Swimming against the tide: NY prof. predicts big Trump win in November
President Donald Trump’s favorite pollster must be Rasmussen Reports.
When other surveys convey bad news for the president or his policies, Rasmussen typically has been there to shoot rays of light through the gloom. Yet last week even Rasmussen reflected other recent polls. Rasmussen noted that its latest poll showed Trump trailing Democrat Joe Biden by 10 percentage points.
But last week the president could still find another bright spot on the allegedly dark horizon.
Stony Brook University professor Helmut Norpoth applied his election-picking model and determined that Trump will win in November.
Norpoth’s “Primary Model” gave Trump a 91 percent chance of winning on Nov. 3.
Moreover, the professor’s analysis projected Trump winning 362 electoral votes out of the 538 available. Trump won 304 electoral votes in 2016.
According to Mediaite, Norpoth developed his system in 1996. Since then, he has predicted five of the last six presidential elections correctly.
His lone miss was in 2000 when Republican George W. Bush defeated Democrat Al Gore. Yet in that race, Gore won the popular vote by a half-million votes.
But Norpoth noted that when applied to past elections over the last century, he would have correctly called 25 out of 27 presidential contests. Besides W., the Primary Model’s only other miscue was Democrat John F. Kennedy’s victory over Republican Richard Nixon in 1960. Many Nixon diehards, however, maintained that he lost because of election shenanigans in Texas and Illinois, which, had they gone for Nixon, would have put the former vice president in the White House by two electoral votes.
Mediaite pointed out that Norpoth’s system is built around early enthusiasm at the ballot box, rather than media-driven opinion polls.

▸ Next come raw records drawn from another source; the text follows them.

Lemma tiling_pair_uniq p d (E A : {set Vp p d}) x a a' :
  tiling_pair E A -> a \in A -> a' \in A -> x - a \in E -> x - a' \in E -> a = a'.
Proof.
move=> tiling aA a'A xaE xa'E; apply/eqP/negPn/negP => naa'.
move: (tiling x); rewrite (bigD1 a) //= (bigD1 a') /=.
  by rewrite xaE xa'E addnA.
by rewrite a'A eq_sym naa'.
Qed.

Section GaborONBOfTiling.
Variables (p d : nat) (g : Vp p d -> algC) (A B : {set Vp p d}).
Local Notation E := (supp g).
Hypothesis p_prime : prime p.
Hypothesis spectral : spectral_pair E B.
Hypothesis tiling : tiling_pair E A.
Hypothesis norm_g : inner g g = 1.
Hypothesis window :
  forall x, `|g x| = if x \in E then (sqrtC #|E|%:R)^-1 else 0.

Lemma gabor_orthonormal_of_tiling a b a' b' :
  a \in A -> b \in B -> a' \in A -> b' \in B ->
  inner (gabor g a b) (gabor g a' b') = ((a, b) == (a', b'))%:R.
Proof.
move=> aA bB a'A b'B.
have [<- | naa'] := eqVneq a a'; last first.
  rewrite xpair_eqE (negbTE naa') /=; apply: inner_gabor_disjoint => x xaE xa'E.
  by case/eqP: naa'; exact: tiling_pair_uniq tiling aA a'A xaE xa'E.
rewrite xpair_eqE eqxx /=; have [<- | nbb'] := eqVneq b b'.
  by rewrite inner_gabor_diag.
have const_window y : g y * (g y)^* = if y \in E then #|E|%:R^-1 else 0.
  by rewrite -normCK window; case: ifP => _; rewrite ?expr0n // exprVn sqrtCK.
case: spectral => _ [chi_orth _].
rewrite inner_gabor_translate // (inner_modulates_const_window _ _ const_window).
by rewrite chi_orth // !mulr0.
Qed.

Biden lagged the field terribly in Iowa and New Hampshire, taking just 15.8 percent and 8.4 percent of the vote, respectively, before rebounding with a win in South Carolina.
Contrast that with Trump.
In May the University of Virginia’s Center for Politics observed that during those primary contests the president’s “‘unshakable’ rapport with the Republican Party’s base may be leading GOP partisans to do something unusual historically: turn out in uncontested primaries.
“In state after state,” UVA pointed out, “Trump would routinely receive far more raw votes than previous sitting presidents who found themselves in lightly-contested reelection primaries.”
It remains to be seen whether Trump — or, looking at it from the other side, radical, culture-canceling Democrats — will drive voters to the polls to give the president a second term.
Still, as Mediaite reported, Norpoth says his method “succeeds … by discounting public opinion surveys.”
“The terrain of presidential contests is littered with nominees who saw a poll lead in the spring turn to dust in the fall,” he said. “The list is long and discouraging for early frontrunners. Beginning with Thomas Dewey in 1948, it spans such notables as Richard Nixon in 1960, Jimmy Carter in 1980, Michael Dukakis in 1988, George H.W. Bush in 1992, and John Kerry in 2004, to cite just the most spectacular cases.”